The big question is why did DS2 design its technology so that it doesn’t nicely coexist with HomePlug?
It’s not as if DS2 doesn’t know what it takes to have its 200 Mbps technology coexist with both the
installed base of HomePlug 1.0 and 1.0 plus Turbo products. After all, DS2 joined the HomePlug board at
the beginning of 2004 (but at some point left both the board and HomePlug entirely).
What we have here is yet another case of a grab for marketshare using incompatibility with a competitive
technology as a weapon. And, as usual, the consumer is once again thrown into the middle. Granted, that
AV200 products aren’t intended to be a big retail item. But consumers could be put into the position of
having to throw out any HomePlug products they have when they sign up for an IPTV service that uses
DS2-based powerline technology to distribute the service throughout a home.
As much as DS2 and HomePlug wish the other would go away, both are probably going to be around for
the foreseeable future. HomePlug AV - which incidentally doesn’t interoperate with HomePlug 1.0 and
Turbo, but cooperates with them to share bandwidth - will eventually make it out of the labs and into
consumer homes. Indications are that the HomePlug AV and DS2 technologies will battle each other for
powerline bandwidth even more severely than has been shown for HomePlug 1.0 / Turbo and DS2. So all
companies involved are going to need to confront this issue in a more constructive way or face consumer
(and hopefully service provider) resistance.
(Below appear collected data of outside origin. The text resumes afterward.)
Definition dcube_index (j : nat) x : 'I_n -> int :=
  fun i => Num.floor (2 ^+ j * x ord0 i).

Lemma dcube_index_mem j x : dcube j (dcube_index j x) x.
Proof. by []. Qed.

Lemma dcube_indexE j z x : dcube j z x -> dcube_index j x = z.
Proof. by move=> xz; apply/funext => i; exact: xz. Qed.

Definition dcube_child z (b : {ffun 'I_n -> bool}) : 'I_n -> int :=
  fun i => 2 * z i + (b i : nat)%:Z.

Lemma dcube_children j z x : dcube j z x ->
  exists b, dcube j.+1 (dcube_child z b) x.
Proof.
move=> xz; exists [ffun i => Num.floor (2 ^+ j.+1 * x ord0 i) != 2 * z i] => i.
rewrite /dcube_child ffunE exprS -mulrA -(xz i).
case: (floor_double (2 ^+ j * x ord0 i)) => ->; first by rewrite eqxx addr0.
by case: eqP => //; lia.
Qed.

Lemma dcube_coord_dist j z x y i : dcube j z x -> dcube j z y ->
  `|x ord0 i - y ord0 i| < 2 ^- j.
Proof.
move=> /(_ i) xz /(_ i) yz.
have := floor_itv (2 ^+ j * x ord0 i); have := floor_itv (2 ^+ j * y ord0 i).
rewrite xz yz intrD => /andP [y1 y2] /andP [x1 x2].
have : `|2 ^+ j * (x ord0 i - y ord0 i)| < 1.
  by rewrite mulrBr ltr_norml; apply/andP; split; lra.
by rewrite normrM gtr0_norm ?exprn_gt0 // -ltr_pdivlMl ?exprn_gt0 // mulr1.
Qed.

Lemma dcube_sub_ball k x y : dcube (k + n) (dcube_index (k + n) x) y ->
  euclid_norm (y - x) < 2 ^- k.
Proof.
move=> yx; apply: euclid_norm_lt; first exact: dyadic_gt0.
apply: (@le_lt_trans _ _ (n%:R * (2 ^- (k + n)) ^+ 2)).
  rewrite mulr_natl -[n in _ *+ n]card_ord -sumr_const; apply: ler_sum => i _.
  rewrite !mxE -real_normK ?num_real // lerXn2r ?nnegrE ?(ltW (dyadic_gt0 _)) //.
  exact/ltW/(dcube_coord_dist i yx (dcube_index_mem _ _)).
have n_lt : (n < (2 ^ n) ^ 2)%N.
  rewrite -expnM; apply: leq_trans (ltn_expl n (ltnSn 1)) _.
  by rewrite leq_pexp2l // muln2 -addnn leq_addr.
rewrite exprD invfM exprMn mulrCA gtr_pMr ?exprn_gt0 ?dyadic_gt0 //.
rewrite exprVn ltr_pdivrMr ?exprn_gt0 // mul1r.
by rewrite -!natrX ltr_nat.
Qed.

Definition dbox (M : nat) : set 'rV[R]_n :=
  [set x | forall i, - M%:R <= x ord0 i < M%:R].

Lemma dbox_exists x : exists M, dbox M x.
Proof.
exists (Num.bound (\sum_(i < n) `|x ord0 i|)) => i.
have : `|x ord0 i| < (Num.bound (\sum_(i < n) `|x ord0 i|))%:R.
  apply: le_lt_trans (archi_boundP _); last exact: sumr_ge0.
  by rewrite (bigD1 i) //= lerDl sumr_ge0.
by rewrite ltr_norml => /andP [/ltW -> ->].
Qed.

Lemma dbox_dcube0 M x : dbox M x ->
  exists f : {ffun 'I_n -> 'I_(2 * M)}, dcube 0 (fun i => (f i)%:Z - M%:Z) x.
Proof.
move=> xM.
have floor_ge i : - M%:Z <= Num.floor (x ord0 i).
  by rewrite floor_ge_int mulrNz; case/andP: (xM i).
have floor_lt i : (absz (Num.floor (x ord0 i) + M%:Z)%R < 2 * M)%N.
  have : Num.floor (x ord0 i) < M%:Z by rewrite floor_lt_int; case/andP: (xM i).
  by have := floor_ge i; lia.
exists [ffun i => Ordinal (floor_lt i)] => i.
by rewrite ffunE /= expr0 mul1r; have := floor_ge i; lia.
Qed.

End dyadic_cubes.

Section mould_of_random_vector.
Context d (T : measurableType d) (R : realType) (P : probability T R) (n : nat)
  (X : T -> 'rV[R]_n).
Hypothesis hX : random_vector X.

Definition ballX (x : 'rV[R]_n) (r : R) : set T :=
  [set t | euclid_norm (X t - x) < r].

Lemma measurable_ballX x r : measurable (ballX x r).
Proof.
apply: measurable_lt_set (measurable_cst r).
by apply: measurable_fun_euclid_dist => // i; exact: measurable_cst.
Qed.

Lemma measurable_fun_P_ballX r : measurable_fun setT (fun t => P (ballX (X t) r)).
Proof.
pose A := [set p : T * T | euclid_norm (X p.2 - X p.1) < r].
have mA : measurable A.
  apply: measurable_lt_set (measurable_cst r).
  by apply: measurable_fun_euclid_dist => i; apply: measurableT_comp (hX i) _.
apply: eq_measurable_fun (measurable_fun_xsection P mA) => t _ /=; congr (P _).
by apply/seteqP; split => s; rewrite /xsection /= inE.
Qed.

Lemma measurable_dcube j z : measurable (X @^-1` dcube j z).
Proof.
have -> : X @^-1` dcube j z =
    [set t | forall i, (z i)%:~R <= 2 ^+ j * X t ord0 i < (z i + 1)%:~R].
  apply/seteqP; split => t /= tz i; first by rewrite -floor_eq tz.
  by apply/eqP; rewrite floor_eq.
apply: measurable_forall_itv => i.
exact: measurable_funM (measurable_cst _) (hX i).
Qed.

Lemma measurable_dbox M : measurable (X @^-1` dbox M).
Proof. exact: measurable_forall_itv. Qed.

Definition pball x r : R := fine (P (ballX x r)).

Lemma pballE x r : P (ballX x r) = (pball x r)%:E.
Proof. by rewrite fineK // fin_num_measure //; exact: measurable_ballX. Qed.

Lemma pball_homo x : {homo pball x : r s / r <= s}.
Proof.
move=> r s rs; rewrite -lee_fin -!pballE le_measure ?inE //.
- exact: measurable_ballX.
- exact: measurable_ballX.
by move=> t /= /lt_le_trans; apply.
Qed.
Fortunately, the new leadership in the HomePlug Alliance seems to understand what’s at stake and
recently announced a new “compliance, interoperability and coexistence program”. This initiative
includes working with the IEEE P1901 Work Group and European Telecommunications Standards
Institute (ETSI) Powerline Coexistence Work Group - the same groups that DS2 has been working with
on the same issues.
The good news from all of this is that there is a powerline-based networking alternative that appears to
be capable of supporting a few video streams and even some simultaneous good old data traffi c to boot.
Now if everyone would please just get along, maybe there will be room for everyone in the shiny, happy
powerline-networked streaming video future, eh?